China’s currency RMB is convertible for trade purposes under the current account, but it is not freely convertible under the capital account, which covers portfolio investment and borrowing. The country has introduced programs including the Qualified Foreign Institutional Investors (QFII), Qualified Domestic Institutional Investor (QDII), and Qualified Domestic Institutional Investor (RQFII) to allow for more convenient capital inflows and outflows. Some say the RMB’s status and exports and imports volume are not proportionate, and doing businesses would have additional costs because of the non-convertibility of the RMB. The financial hub Shanghai, especially, should do more in this respect.
‘It needs a process’
Officials and experts say it takes time and preparation for the country to achieve the full convertibility of the RMB. Zhou Xiaochuan, former governor of the People’s Bank of China (PBOC), and president of China Society for Finance and Banking, said the further internationalization of the RMB should weigh the pros and cons to increase the free use of the RMB, and minimize capital account controls to the greatest extent, which involves research, way of thinking, policy system changes and emergency preparedness. Further convertibility under capital account does not mean 100 percent liberalization, given that all countries have anti-money laundering and anti-terrorism requirements, and many financial transactions and forms of remittance are subject to restrictions, said Zhou at the 2020 Financial Street Forum in October.

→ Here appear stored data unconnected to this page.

(* Let $m,n,k$ be positive integers and $i,j$ non-negative integers such that $i<\frac{n}{2}-1$ and $j<\frac{k}{2}-1$. Then $$|\mathrm{WHom}^{ij}(P_m,P_n\square P_k)|=\sum_{h=0}^{m-1}\binom{m-1}{h}\,|\mathrm{Hom}^i(P_{h+1},P_n)|\,|\mathrm{WHom}^j(P_{m-h},P_k)|.$$
   Context: For a positive integer $n$, $P_n$ denotes the path with vertex set $\{0,1,\dots,n-1\}$ and edge set $\{\{i,i+1\} : i=0,\dots,n-2\}$. The Cartesian product $P_n\square P_k$ has vertex set $\{0,\dots,n-1\}\times\{0,\dots,k-1\}$, with $\{(a,u),(b,v)\}$ an edge iff either $a=b$ and $\{u,v\}\in E(P_k)$, or $\{a,b\}\in E(P_n)$ and $u=v$. A homomorphism $f:G\to H$ is a map $V(G)\to V(H)$ with $\{f(x),f(y)\}\in E(H)$ for all $\{x,y\}\in E(G)$; a weak homomorphism is a map with $f(x)=f(y)$ or $\{f(x),f(y)\}\in E(H)$ for all $\{x,y\}\in E(G)$. $\mathrm{Hom}^i(P_a,P_n)$ is the set of homomorphisms $f:P_a\to P_n$ with $f(0)=i$; $\mathrm{WHom}^j(P_a,P_k)$ is the set of weak homomorphisms $f:P_a\to P_k$ with $f(0)=j$; $\mathrm{WHom}^{ij}(P_m,P_n\square P_k)$ is the set of weak homomorphisms $f:P_m\to P_n\square P_k$ with $f(0)=(i,j)$. *)

From mathcomp Require Import all_boot all_order all_algebra.
Set Implicit Arguments. Unset Strict Implicit. Unset Printing Implicit Defensive.

Definition path_adj (n : nat) : rel 'I_n :=
  fun a b => (a.+1 == b :> nat) || (b.+1 == a :> nat).

Definition box_adj (n k : nat) : rel ('I_n * 'I_k) :=
  fun x y => ((x.1 == y.1) && path_adj x.2 y.2) ||
             (path_adj x.1 y.1 && (x.2 == y.2)).

Definition is_hom (T U : finType) (eT : rel T) (eU : rel U) (f : T -> U) : bool :=
  [forall x, forall y, eT x y ==> eU (f x) (f y)].

Definition is_whom (T U : finType) (eT : rel T) (eU : rel U) (f : T -> U) : bool :=
  [forall x, forall y, eT x y ==> ((f x == f y) || eU (f x) (f y))].

Definition nHom (i a n : nat) : nat :=
  #|[set f : {ffun 'I_a -> 'I_n} |
      is_hom (@path_adj a) (@path_adj n) f &&
      [forall x : 'I_a, (val x == 0) ==> (val (f x) == i)]]|.

Definition nWHom (j a k : nat) : nat :=
  #|[set f : {ffun 'I_a -> 'I_k} |
      is_whom (@path_adj a) (@path_adj k) f &&
      [forall x : 'I_a, (val x == 0) ==> (val (f x) == j)]]|.

Definition nWHom2 (i j m n k : nat) : nat :=
  #|[set f : {ffun 'I_m -> 'I_n * 'I_k} |
      is_whom (@path_adj m) (@box_adj n k) f &&
      [forall x : 'I_m, (val x == 0) ==>
         ((val (f x).1 == i) && (val (f x).2 == j))]]|.

From mathcomp Require Import all_boot all_order all_algebra.
From mathcomp Require Import lra.
Import GRing.Theory Num.Theory.
Set Implicit Arguments. Unset Strict Implicit. Unset Printing Implicit Defensive.

(* A weak homomorphism P_m -> P_n [] P_k is a walk of length m - 1 in which
   every step either moves the first coordinate along P_n, or moves the second
   coordinate along P_k or leaves it in place.  Marking the h steps that move
   the first coordinate splits such a walk into a walk of length h in P_n and a
   weak walk of length m - 1 - h in P_k; as P_n has no loops the marking is
   determined by the walk.  Splitting off the first step, Pascal's rule turns
   this into an induction on the length. *)

Section Walks.
Variable U : finType.
Implicit Types (r : rel U) (u : U).

Definition fcons a u (g : {ffun 'I_a -> U}) : {ffun 'I_a.+1 -> U} :=
  [ffun i => if unlift ord0 i is Some j then g j else u].

Lemma fcons0 a u (g : {ffun 'I_a -> U}) : fcons u g ord0 = u.
Proof. by rewrite ffunE unlift_none. Qed.

Lemma fcons_lift a u (g : {ffun 'I_a -> U}) j : fcons u g (lift ord0 j) = g j.
Proof. by rewrite ffunE liftK. Qed.

Lemma fcons_inj a u : injective (@fcons a u).
Proof.
by move=> g g' eq_gg'; apply/ffunP => j; rewrite -(fcons_lift u g) eq_gg' fcons_lift.
Qed.

Lemma fcons_eta a (f : {ffun 'I_a.+1 -> U}) :
  f = fcons (f ord0) [ffun j => f (lift ord0 j)].
Proof. by apply/ffunP => i; rewrite ffunE; case: unliftP => [j|] ->; rewrite ?ffunE. Qed.

Lemma codom_fcons a u (g : {ffun 'I_a -> U}) : codom (fcons u g) = u :: codom g.
Proof.
rewrite !codomE enum_ordSl /= fcons0 -map_comp.
by congr cons; apply: eq_map => j /=; rewrite fcons_lift.
Qed.

Lemma nth_codom a u (f : {ffun 'I_a -> U}) (i : 'I_a) : nth u (codom f) i = f i.
Proof. by rewrite codomE (nth_map i) ?size_enum_ord // nth_ord_enum. Qed.

Lemma is_hom_sorted r a (f : {ffun 'I_a -> U}) :
  symmetric r -> is_hom (@path_adj a) r f = sorted r (codom f).
Proof.
move=> sym_r; case: a f => [|a] f.
  by rewrite codomE enum_ord0; apply/forallP => -[].
apply/forallP/(sortedP (f ord0)) => [hom_f i | sorted_f x].
  rewrite size_codom card_ord => lt_i1a.
  have lt_ia : i < a.+1 by apply: ltnW.
  rewrite (nth_codom _ _ (Ordinal lt_ia)) (nth_codom _ _ (Ordinal lt_i1a)).
  by have /forallP/(_ (Ordinal lt_i1a)) := hom_f (Ordinal lt_ia); rewrite /path_adj /= eqxx.
apply/forallP => y; apply/implyP; rewrite /path_adj => /orP[]/eqP x1_y.
  by have := sorted_f x; rewrite size_codom card_ord x1_y ltn_ord !nth_codom; apply.
by have := sorted_f y; rewrite size_codom card_ord x1_y ltn_ord !nth_codom sym_r; apply.
Qed.

Definition walks r a u : {set {ffun 'I_a.+1 -> U}} :=
  [set f : {ffun 'I_a.+1 -> U} | (f ord0 == u) && sorted r (codom f)].

Definition nwalks r a u := #|walks r a u|.

Lemma nwalks0 r u : nwalks r 0 u = 1.
Proof.
apply/eqP/cards1P; exists [ffun=> u]; apply/setP => f.
rewrite !inE codomE enum_ordSl enum_ord0 andbT.
apply/eqP/eqP => [f0_u | ->]; last by rewrite ffunE.
by apply/ffunP => i; rewrite ord1 f0_u ffunE.
Qed.

Lemma path_codom r a u (g : {ffun 'I_a.+1 -> U}) :
  path r u (codom g) = r u (g ord0) && sorted r (codom g).
Proof. by rewrite codomE enum_ordSl. Qed.

Lemma walksS r a u :
  walks r a.+1 u =
  fcons u @: [set g : {ffun 'I_a.+1 -> U} | r u (g ord0) && sorted r (codom g)].
Proof.
apply/setP => f; rewrite inE; apply/andP/imsetP => [[/eqP f0_u] | [g]].
  rewrite {1}(fcons_eta f) codom_fcons /= path_codom f0_u => sorted_f.
  by exists [ffun j => f (lift ord0 j)]; rewrite ?inE // {1}(fcons_eta f) f0_u.
by rewrite inE => ug_sorted ->; rewrite fcons0 codom_fcons /= path_codom.
Qed.

Lemma nwalksS r a u : nwalks r a.+1 u = \sum_(v | r u v) nwalks r a v.
Proof.
rewrite /nwalks walksS card_imset; last exact: fcons_inj.
rewrite -sum1_card (partition_big (fun g : {ffun 'I_a.+1 -> U} => g ord0) (r u)) => [|g];
  last by rewrite inE => /andP[].
apply: eq_bigr => v ruv; rewrite -sum1_card; apply: eq_bigl => g.
by rewrite !inE andbC; case: eqVneq => // ->; rewrite ruv.
Qed.

Lemma eq_nwalks (r r' : rel U) a u :
  r =2 r' -> nwalks r a u = nwalks r' a u.
Proof.
move=> eq_r; apply: eq_card => f; rewrite !inE; congr (_ && _).
by case: (codom f) => //= v s; apply: eq_path.
Qed.

End Walks.

Definition refl_rel (T : eqType) (e : rel T) : rel T := fun x y => (x == y) || e x y.

Definition box_rel (X Y : eqType) (rX : rel X) (rY : rel Y) : rel (X * Y) :=
  fun p q => ((p.1 == q.1) && rY p.2 q.2) || (rX p.1 q.1 && (p.2 == q.2)).

Lemma refl_rel_sym (T : eqType) (e : rel T) : symmetric e -> symmetric (refl_rel e).
Proof. by move=> sym_e x y; rewrite /refl_rel eq_sym sym_e. Qed.

Lemma box_rel_sym (X Y : eqType) (rX : rel X) (rY : rel Y) :
  symmetric rX -> symmetric rY -> symmetric (box_rel rX rY).
Proof.
by move=> sym_rX sym_rY p q; rewrite /box_rel (eq_sym p.1) (eq_sym p.2) sym_rX sym_rY.
Qed.

Lemma refl_box_rel (X Y : eqType) (rX : rel X) (rY : rel Y) :
  refl_rel (box_rel rX rY) =2 box_rel rX (refl_rel rY).
Proof.
move=> [x y] [a b]; rewrite /refl_rel /box_rel /= xpair_eqE.
by case: eqVneq => [->|_]; case: eqVneq => [->|_]; rewrite /= ?orbT ?orbF ?andbT ?andbF.
Qed.

Lemma sum_binS (a b : nat -> nat) N :
  \sum_(h < N.+2) 'C(N.+1, h) * a h * b (N.+1 - h) =
  \sum_(h < N.+1) 'C(N, h) * a h * b (N.+1 - h) +
  \sum_(h < N.+1) 'C(N, h) * a h.+1 * b (N - h).
Proof.
rewrite big_ord_recl /=.
under eq_bigr => h _ do rewrite /bump leq0n add1n binS !mulnDl subSS.
rewrite big_split /= addnA; congr (_ + _).
rewrite [RHS]big_ord_recl big_ord_recr /= (bin_small (ltnSn N)) !mul0n addn0 !bin0.
by congr (_ + _); apply: eq_bigr => h _; rewrite /bump leq0n add1n subSS.
Qed.

Section BoxWalks.
Variables (X Y : finType) (rX : rel X) (rY : rel Y).
Hypothesis rX_irr : irreflexive rX.

Lemma sum_box_rel (F : X * Y -> nat) x y :
  \sum_(q | box_rel rX rY (x, y) q) F q =
  \sum_(b | rY y b) F (x, b) + \sum_(a | rX x a) F (a, y).
Proof.
rewrite (bigID (fun q => q.1 == x)) /=; congr (_ + _).
  have -> : \sum_(b | rY y b) F (x, b) = \sum_(a | a == x) \sum_(b | rY y b) F (a, b).
    by rewrite big_pred1_eq.
  rewrite pair_big_dep; apply: eq_big => [[a b]|[]//] /=; rewrite /box_rel /=.
  by case: (eqVneq a x) => [->|_]; rewrite ?eqxx ?rX_irr ?andbF ?andbT /= ?orbF.
rewrite [RHS](eq_bigr (fun a => \sum_(b | b == y) F (a, b))) => [|a _]; last first.
  by rewrite big_pred1_eq.
rewrite pair_big_dep; apply: eq_big => [[a b]|[]//] /=.
rewrite /box_rel /=; case: (eqVneq a x) => [->|_]; first by rewrite rX_irr andbF.
by rewrite andbT [y == b]eq_sym.
Qed.

Lemma nwalks_box_rel N x y :
  nwalks (box_rel rX rY) N (x, y) =
  \sum_(h < N.+1) 'C(N, h) * nwalks rX h x * nwalks rY (N - h) y.
Proof.
elim: N x y => [|N IH] x y; first by rewrite big_ord1 !nwalks0.
rewrite nwalksS sum_box_rel (sum_binS (fun h => nwalks rX h x) (fun l => nwalks rY l y)).
under eq_bigr => b _ do rewrite IH.
under [X in _ + X]eq_bigr => a _ do rewrite IH.
rewrite exchange_big [X in _ + X]exchange_big /=.
congr (_ + _); apply: eq_bigr => h _.
  by rewrite (subSn (ltnSE (ltn_ord h))) nwalksS big_distrr.
by rewrite nwalksS big_distrr big_distrl.
Qed.
End BoxWalks.

Lemma path_adj_sym n : symmetric (@path_adj n).
Proof. by move=> x y; rewrite /path_adj orbC. Qed.

Lemma path_adj_irr n : irreflexive (@path_adj n).
Proof. by move=> x; rewrite /path_adj orbb gtn_eqF. Qed.

Lemma card_hom_start (U : finType) (r : rel U) (P : pred U) a u :
  symmetric r -> P =1 pred1 u ->
  #|[set f : {ffun 'I_a.+1 -> U} | is_hom (@path_adj a.+1) r f &&
      [forall x : 'I_a.+1, (val x == 0) ==> P (f x)]]| = nwalks r a u.
Proof.
move=> sym_r P_u; apply: eq_card => f; rewrite !inE is_hom_sorted // andbC.
congr (_ && _); apply/forallP/idP => [/(_ ord0)/implyP/(_ isT)|f0_u x].
  by rewrite P_u.
by apply/implyP => /eqP x0; rewrite P_u (_ : x = ord0) //; apply: val_inj.
Qed.

Lemma nHomE i a n (lt_in : i < n) :
  nHom i a.+1 n = nwalks (@path_adj n) a (Ordinal lt_in).
Proof.
apply: (card_hom_start (P := fun v => val v == i)) => [|v]; first exact: path_adj_sym.
by rewrite /= -val_eqE.
Qed.

Lemma nWHomE j a k (lt_jk : j < k) :
  nWHom j a.+1 k = nwalks (refl_rel (@path_adj k)) a (Ordinal lt_jk).
Proof.
apply: (card_hom_start (P := fun v => val v == j)) => [|v].
  exact/refl_rel_sym/path_adj_sym.
by rewrite /= -val_eqE.
Qed.

Lemma nWHom2E i j a n k (lt_in : i < n) (lt_jk : j < k) :
  nWHom2 i j a.+1 n k =
  nwalks (box_rel (@path_adj n) (refl_rel (@path_adj k))) a (Ordinal lt_in, Ordinal lt_jk).
Proof.
rewrite -(eq_nwalks _ _ (refl_box_rel _ _)).
apply: (card_hom_start (P := fun p => (val p.1 == i) && (val p.2 == j))) => [|[v w]].
  exact/refl_rel_sym/box_rel_sym/path_adj_sym/path_adj_sym.
by rewrite /= xpair_eqE -!val_eqE.
Qed.

Lemma ltn_of_lt_half_sub1 (a b : nat) : ((a%:R : rat) < b%:R / 2 - 1)%R -> (a < b)%N.
Proof. by move=> lt_ab; rewrite -(ltr_nat rat); have := ler0n rat b; lra. Qed.

Unset Implicit Arguments.
Theorem theorem3 (m n k i j : nat) :
  (0 < m)%N -> (0 < n)%N -> (0 < k)%N ->
  ((i%:R : rat) < (n%:R / 2 - 1))%R ->
  ((j%:R : rat) < (k%:R / 2 - 1))%R ->
  nWHom2 i j m n k =
  (\sum_(h < m) 'C(m - 1, h) * nHom i h.+1 n * nWHom j (m - h) k)%N.
Proof.
move=> m_gt0 _ _ /ltn_of_lt_half_sub1 lt_in /ltn_of_lt_half_sub1 lt_jk.
case: m m_gt0 => // N _.
rewrite (nWHom2E _ lt_in lt_jk) (nwalks_box_rel _ (@path_adj_irr n)).
apply: eq_bigr => h _.
by rewrite subn1 (nHomE _ lt_in) (subSn (ltnSE (ltn_ord h))) (nWHomE _ lt_jk).
Qed.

The ultimate goal of the internationalization of the renminbi (RMB) is to achieve convertibility, but it needs a process. China has held on to the reform principle of “testing each step before taking it” to achieve success through trials instead of turning back after failure, Qu Qiang, assistant director of the International Monetary Institute at Renmin University of China, told CGTN.
“We can’t follow the old path that many developing countries have taken but failed. We can’t let go at once without restraint and management, especially when our market system and financial supervision system are not mature, which is irresponsible for China itself as well as the international capital market,” Qu said.